DESCRIPTION OF SYMBOLS 1 Wheel tip 2 Blade part (wheel tip) 10 Tip holder 11a, 11b Flat part (Chip holder) 14 Code 20 Holder joint 30 Scribe head 30A Upper scribe head 30B Lower scribe head 31 (Scribe head) elevating part 100 200 Scribing device 101 Moving table 103 Ball screw 104 Transport motor 105 Rotating mechanism 106 Table 120, 250 Controller 210 Substrate support mechanism 211 Support unit 212 Timing belt 220 Clamp mechanism 221L, 221R Clamp 231 Upper scribe mechanism 232 Lower scribe mechanism 256 First scribe head drive unit 257 Second scribe head drive unit

Claims (3)

A scribing head having a holder joint to which a tip holder for rotatably holding a wheel tip having a blade portion on an outer peripheral surface is attached, and being relatively movable with respect to a brittle material substrate held by a predetermined holding means;
With
The brittle material by moving the scribe head relative to the brittle material substrate while the wheel chip held by the chip holder is in contact with the brittle material substrate with the chip holder attached to the scribe head. A scribing system for scribing a material substrate,
A restoring means for restoring the management number of the wheel chip from the code when information including a management number capable of uniquely identifying the wheel chip held by the chip holder is printed on the chip holder as a code; ,
When the parameter that characterizes the operation mode of the wheel chip at the time of the scribe and increases when the corresponding scribe operation is performed is the chip parameter, at least one of the chip parameters for each wheel chip Usage history data holding means for holding a history of values as usage history data;
Recipe data holding means for holding at least one recipe data in which the contents of the scribe process to be executed by the scribe processing system are described together with recommended replacement values individually determined for the at least one chip parameter;
Input means capable of inputting various instructions to the scribe processing system, including instructions for selecting one recipe data to be executed by the scribe processing system from the at least one recipe data;
Further comprising
In the scribe head, the holder joint to which the tip holder is attached is rotatable in a horizontal plane, and the horizontal position of the rotation center of the wheel tip and the rotation axis of the holder joint is shifted,
In the case where the scribing process based on the one recipe data is performed in a second direction different from the first direction after the scribing in the first direction, When the forcible posture change of the wheel tip in a state in contact with the brittle material substrate that occurs immediately after the start of scribing in the second direction is torsion of the wheel tip,
The number of twists performed during the scribe process is defined as the tip parameter,
By performing the scribing process according to the one recipe data selected through the input means using the wheel chip from which the code is read, the integrated value of the chip parameter for the one wheel chip becomes the recommended replacement value.

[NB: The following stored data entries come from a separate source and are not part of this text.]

Lemma Re_sum n (F : 'I_n -> R[i]) : Re (\sum_(k < n) F k) = \sum_(k < n) Re (F k).
Proof. by elim/big_rec2: _ => // k a b _ <-; rewrite ReD. Qed.

Lemma Re_realM (r : R) z : Re (r%:C * z) = r * Re z.
Proof. by case: z => a b /=; rewrite mul0r subr0. Qed.

Lemma Re_conjc z : Re z^* = Re z.
Proof. by case: z. Qed.

Lemma Re_gt0 z : 0 < z -> 0 < Re z.
Proof. by rewrite ltcE => /andP[]. Qed.

Lemma conjc_realMD (r : R) x y : (x + r%:C * y)^* = x^* + r%:C * y^*.
Proof.
case: x => a b; case: y => c d; apply/eqP; rewrite eq_complex /=.
by apply/andP; split; apply/eqP; ring.
Qed.

Lemma mulcJ z : z * z^* = (Re z ^+ 2 + Im z ^+ 2)%:C.
Proof.
case: z => a b; apply/eqP; rewrite eq_complex /=.
by apply/andP; split; apply/eqP; ring.
Qed.

End RealPart.

Section Subspace.
Variables (R : realType) (H : lmodType R[i]) (S : set H).
Hypothesis subS : is_subspace S.

Lemma subspace0 : S 0.
Proof. by case: subS. Qed.

Lemma subspaceZ a x : S x -> S (a *: x).
Proof. by case: subS => S0 SZD Sx; rewrite -[_ *: _]addr0; apply: SZD. Qed.

Lemma subspaceD x y : S x -> S y -> S (x + y).
Proof. by case: subS => _ SZD Sx Sy; rewrite -[x]scale1r; apply: SZD. Qed.

Lemma subspaceB x y : S x -> S y -> S (x - y).
Proof. by move=> Sx Sy; rewrite -scaleN1r; apply/subspaceD/subspaceZ. Qed.

Lemma subspace_sum n (c : 'I_n -> R[i]) (g : 'I_n -> H) :
  (forall k, S (g k)) -> S (\sum_(k < n) c k *: g k).
Proof.
move=> Sg; apply: big_ind => [|x y|k _]; first exact: subspace0.
  exact: subspaceD.
exact: subspaceZ.
Qed.

End Subspace.

Lemma subspaceT (R : realType) (H : lmodType R[i]) : is_subspace (@setT H).
Proof. by []. Qed.

Definition linear_left_on (R : realType) (H : lmodType R[i]) (S : set H)
    (f : H -> H -> R[i]) :=
  forall a x y z, S x -> S y -> S z -> f (a *: x + y) z = a * f x z + f y z.

Definition hermitian_on (R : realType) (H : lmodType R[i]) (S : set H)
    (f : H -> H -> R[i]) :=
  forall x y, S x -> S y -> f y x = (f x y)^*.

Definition nonneg_on (R : realType) (H : lmodType R[i]) (S : set H)
    (f : H -> H -> R[i]) :=
  forall x, S x -> 0 <= Re (f x x).

Section HermitianForm.
Variables (R : realType) (H : lmodType R[i]) (S : set H) (f : H -> H -> R[i]).
Hypotheses (subS : is_subspace S) (f_lin : linear_left_on S f)
  (f_herm : hermitian_on S f).

Lemma form0l z : S z -> f 0 z = 0.
Proof.
move=> Sz; have S0 := subspace0 subS.
have := f_lin 1 S0 S0 Sz; rewrite scaler0 addr0 mul1r => E.
by apply: (addrI (f 0 z)); rewrite addr0 -E.
Qed.

Lemma formZl a x z : S x -> S z -> f (a *: x) z = a * f x z.
Proof.
move=> Sx Sz; have := f_lin a Sx (subspace0 subS) Sz.
by rewrite addr0 form0l // addr0.
Qed.

Lemma formDl x y z : S x -> S y -> S z -> f (x + y) z = f x z + f y z.
Proof. by move=> Sx Sy Sz; rewrite -{1}[x]scale1r f_lin // mul1r. Qed.

Lemma formBl x y z : S x -> S y -> S z -> f (x - y) z = f x z - f y z.
Proof.
move=> Sx Sy Sz; rewrite -scaleN1r formDl ?formZl ?mulN1r //.
exact: subspaceZ.
Qed.

Lemma formZr a x z : S x -> S z -> f z (a *: x) = a^* * f z x.
Proof.
move=> Sx Sz; have Sax := subspaceZ subS a Sx.
by rewrite f_herm // formZl // rmorphM /= -f_herm.
Qed.

Lemma formDr x y z : S x -> S y -> S z -> f z (x + y) = f z x + f z y.
Proof.
move=> Sx Sy Sz; have Sxy := subspaceD subS Sx Sy.
by rewrite f_herm // formDl // rmorphD /= -!f_herm.
Qed.

Lemma formBr x y z : S x -> S y -> S z -> f z (x - y) = f z x - f z y.
Proof.
move=> Sx Sy Sz; have Sxy := subspaceB subS Sx Sy.
by rewrite f_herm // formBl // rmorphB /= -!f_herm.
Qed.

Lemma form_comb2 a b x y : S x -> S y ->
  f (a *: x + b *: y) (a *: x + b *: y) =
  a * a^* * f x x + a * b^* * f x y + b * a^* * f y x + b * b^* * f y y.
Proof.
move=> Sx Sy; have Sax := subspaceZ subS a Sx; have Sby := subspaceZ subS b Sy.
have Sw := subspaceD subS Sax Sby.
rewrite formDl // !formZl // !formDr // !formZr //; ring.
Qed.

Lemma form_suml n (c : 'I_n -> R[i]) g z : (forall k, S (g k)) -> S z ->
  f (\sum_(k < n) c k *: g k) z = \sum_(k < n) c k * f (g k) z.
Proof.
move=> Sg Sz; suff [] : S (\sum_(k < n) c k *: g k) /\
    f (\sum_(k < n) c k *: g k) z = \sum_(k < n) c k * f (g k) z by [].
apply: (big_ind2 (fun w y => S w /\ f w z = y)).
- by split; [exact: subspace0 | exact: form0l].
- move=> w1 y1 w2 y2 [Sw1 <-] [Sw2 <-].
  by rewrite formDl //; split => //; exact: subspaceD.
- by move=> k _; rewrite formZl //; split => //; exact: subspaceZ.
Qed.

Lemma form_sumr n (c : 'I_n -> R[i]) g z : (forall k, S (g k)) -> S z ->
  f z (\sum_(k < n) c k *: g k) = \sum_(k < n) (c k)^* * f z (g k).
Proof.
move=> Sg Sz; have Ssum := subspace_sum subS c Sg.
rewrite f_herm // form_suml // rmorph_sum.
by apply: eq_bigr => k _; rewrite rmorphM /= -f_herm.
Qed.

Lemma form_sum2 n (c : 'I_n -> R[i]) g : (forall k, S (g k)) ->
  f (\sum_(k < n) c k *: g k) (\sum_(k < n) c k *: g k) =
  \sum_(k < n) \sum_(l < n) c k * (c l)^* * f (g k) (g l).
Proof.
move=> Sg; rewrite form_suml //; last exact: subspace_sum.
apply: eq_bigr => k _; rewrite form_sumr // mulr_sumr.
by apply: eq_bigr => l _; rewrite mulrA.
Qed.

Lemma form_sum_orthonormal n (c : 'I_n -> R[i]) g : (forall k, S (g k)) ->
  (forall k l, f (g k) (g l) = (k == l)%:R) ->
  f (\sum_(k < n) c k *: g k) (\sum_(k < n) c k *: g k) =
  (\sum_(k < n) (Re (c k) ^+ 2 + Im (c k) ^+ 2))%:C.
Proof.
move=> Sg g_orth; rewrite form_sum2 // rmorph_sum; apply: eq_bigr => k _.
rewrite (bigD1 k) //= big1 => [|l lk].
  by rewrite g_orth eqxx mulr1 addr0 mulcJ.
by rewrite g_orth eq_sym (negbTE lk) mulr0.
Qed.

Lemma form_pythagoras x y : S x -> S y -> f x y = 0 ->
  f (x - y) (x - y) = f x x + f y y.
Proof.
move=> Sx Sy fxy0; have Sxy := subspaceB subS Sx Sy.
rewrite formBl // !formBr // (f_herm Sx Sy) fxy0 rmorph0; ring.
Qed.

Hypothesis f_ge0 : nonneg_on S f.

Lemma orth_proj_min (L : set H) (P : H -> H) u x :
  is_subspace L -> (forall v, L v -> S v) -> is_orth_proj S f L P ->
  S u -> L x -> Re (f (u - P u) (u - P u)) <= Re (f (u - x) (u - x)).
Proof.
move=> subL LS hP Su Lx; have [LPu Pu_orth] := hP u Su.
have Se : S (u - P u) by apply: subspaceB => //; exact: LS.
have Ly : L (x - P u) := subspaceB subL Lx LPu.
have -> : u - x = (u - P u) - (x - P u) by rewrite opprB addrA subrK.
have Sy : S (x - P u) by exact: LS.
by rewrite (form_pythagoras Se Sy (Pu_orth _ Ly)) ReD lerDl f_ge0.
Qed.

Lemma normr_Re_form_le x y : S x -> S y ->
  2 * `|Re (f x y)| <= Re (f x x) + Re (f y y).
Proof.
move=> Sx Sy; have Sxy := subspaceD subS Sx Sy; have Sxy' := subspaceB subS Sx Sy.
have := f_ge0 Sxy; have := f_ge0 Sxy'.
rewrite formBl // !formBr // formDl // !formDr // (f_herm Sx Sy).
rewrite !(ReD, ReN) Re_conjc.
have [r_ge0 | r_lt0] := lerP 0 (Re (f x y)).
  by rewrite ger0_norm //; lra.
by rewrite ltr0_norm //; lra.
Qed.

(* Summing the nonnegative numbers f(w_kl, w_kl) for
   w_kl = conj(c_k) g_l - conj(c_l) g_k gives Lagrange's identity
   2 (sum |c_k|^2)(sum f(g_k, g_k)) - 2 f(v, v) >= 0. *)
Lemma form_sum_le n (c : 'I_n -> R[i]) g : (forall k, S (g k)) ->
  Re (f (\sum_(k < n) c k *: g k) (\sum_(k < n) c k *: g k)) <=
  (\sum_(k < n) (Re (c k) ^+ 2 + Im (c k) ^+ 2)) *
  \sum_(k < n) Re (f (g k) (g k)).
Proof.
move=> Sg; set v := \sum_(k < n) c k *: g k.
set N := \sum_(k < n) _; set G := \sum_(k < n) f (g k) (g k).
pose w k l := (c k)^* *: g l + (- (c l)^*) *: g k.
have Sw k l : S (w k l) by apply: (subspaceD subS); apply: (subspaceZ subS).
have lagrange : \sum_(k < n) \sum_(l < n) f (w k l) (w k l) =
    (N *+ 2)%:C * G - f v v *+ 2.
  have -> : f v v *+ 2 = \sum_(k < n) \sum_(l < n)
      (c k * (c l)^* * f (g k) (g l) + c l * (c k)^* * f (g l) (g k)).
    rewrite mulr2n /v form_sum2 //.
    rewrite [in RHS](eq_bigr _ (fun k _ => big_split _ _ _ _ _)) big_split /=.
    by congr (_ + _); apply: exchange_big.
  have -> : (N *+ 2)%:C * G = \sum_(k < n) \sum_(l < n)
      (c k * (c k)^* * f (g l) (g l) + c l * (c l)^* * f (g k) (g k)).
    rewrite [in RHS](eq_bigr _ (fun k _ => big_split _ _ _ _ _)) big_split /=.
    rewrite [X in _ = _ + X]exchange_big -mulr2n rmorphMn /= mulrnAl.
    congr (_ *+ 2); rewrite rmorph_sum mulr_suml; apply: eq_bigr => k _.
    by rewrite /G mulr_sumr; apply: eq_bigr => l _; rewrite mulcJ.
  rewrite -sumrB; apply: eq_bigr => k _; rewrite -sumrB; apply: eq_bigr => l _.
  rewrite /w form_comb2 // !rmorphN /= !conjCK; ring.
have : 0 <= Re (\sum_(k < n) \sum_(l < n) f (w k l) (w k l)).
  rewrite Re_sum; apply: sumr_ge0 => k _.
  by rewrite Re_sum; apply: sumr_ge0 => l _; apply: f_ge0.
rewrite lagrange ReD ReN Re_realM Re_sum -/v; lra.
Qed.

End HermitianForm.

Section QuadraticForms.
Variables (R : realType) (H : lmodType R[i]) (ip : H -> H -> R[i]).
Variables (A : H -> H) (D : set H) (t : R).
Hypotheses (ip_hilbert : is_hilbert ip) (A_sa : self_adjoint ip A D).

Lemma subspace_dom : is_subspace D.
Proof. by case: A_sa. Qed.

Lemma ip_linear_left : linear_left_on setT ip.
Proof. by case: ip_hilbert => ip_lin _ _ _ a x y z _ _ _; apply: ip_lin. Qed.

Lemma ip_hermitian : hermitian_on setT ip.
Proof. by case: ip_hilbert => _ ip_herm _ _ x y _ _; apply: ip_herm. Qed.

Lemma ip_ge0 : nonneg_on setT ip.
Proof.
move=> x _; have [-> | x0] := eqVneq x 0.
  by rewrite (form0l (subspaceT H) ip_linear_left).
by case: ip_hilbert => _ _ ip_pos _; apply/ltW/Re_gt0/ip_pos.
Qed.

Lemma op0 : A 0 = 0.
Proof.
case: A_sa => [[D0 _] A_lin _ _ _]; have := A_lin 1 0 0 D0 D0.
rewrite scaler0 addr0 scale1r => E.
by apply: (addrI (A 0)); rewrite addr0 -E.
Qed.

Lemma shift_linear a x y : D x -> D y ->
  A (a *: x + y) - t%:C *: (a *: x + y) =
  a *: (A x - t%:C *: x) + (A y - t%:C *: y).
Proof.
case: A_sa => _ A_lin _ _ _ Dx Dy.
rewrite A_lin // !scalerDr !scalerN !scalerA [t%:C * a]mulrC.
by rewrite opprD addrACA.
Qed.

Lemma a1_linear_left : linear_left_on D (a1 ip A t).
Proof.
by move=> a x y z Dx Dy Dz; rewrite /a1 shift_linear // ip_linear_left.
Qed.

Lemma a2_linear_left : linear_left_on D (a2 ip A t).
Proof.
by move=> a x y z Dx Dy Dz; rewrite /a2 shift_linear // ip_linear_left.
Qed.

If exceeded, notify that the one wheel tip is in a recommended replacement state,
A scribing system characterized by that. The scribe processing system according to claim 1,
When the one recipe data is selected through the input means for executing one scribe process, an increment value of the chip parameter calculated from the execution contents of the scribe process described in the one recipe data; Adding the previous integrated value of the chip parameter recorded in the usage history data to obtain an expected arrival value of the chip parameter after the one scribing process, and the expected arrival value is the exchange If the recommended value is exceeded, the fact that the one wheel tip is in a recommended replacement state is notified.
A scribing system characterized by that. The scribe processing system according to claim 1 or 2,
The wheel chip and the chip holder are configured integrally.
A scribing system characterized by that.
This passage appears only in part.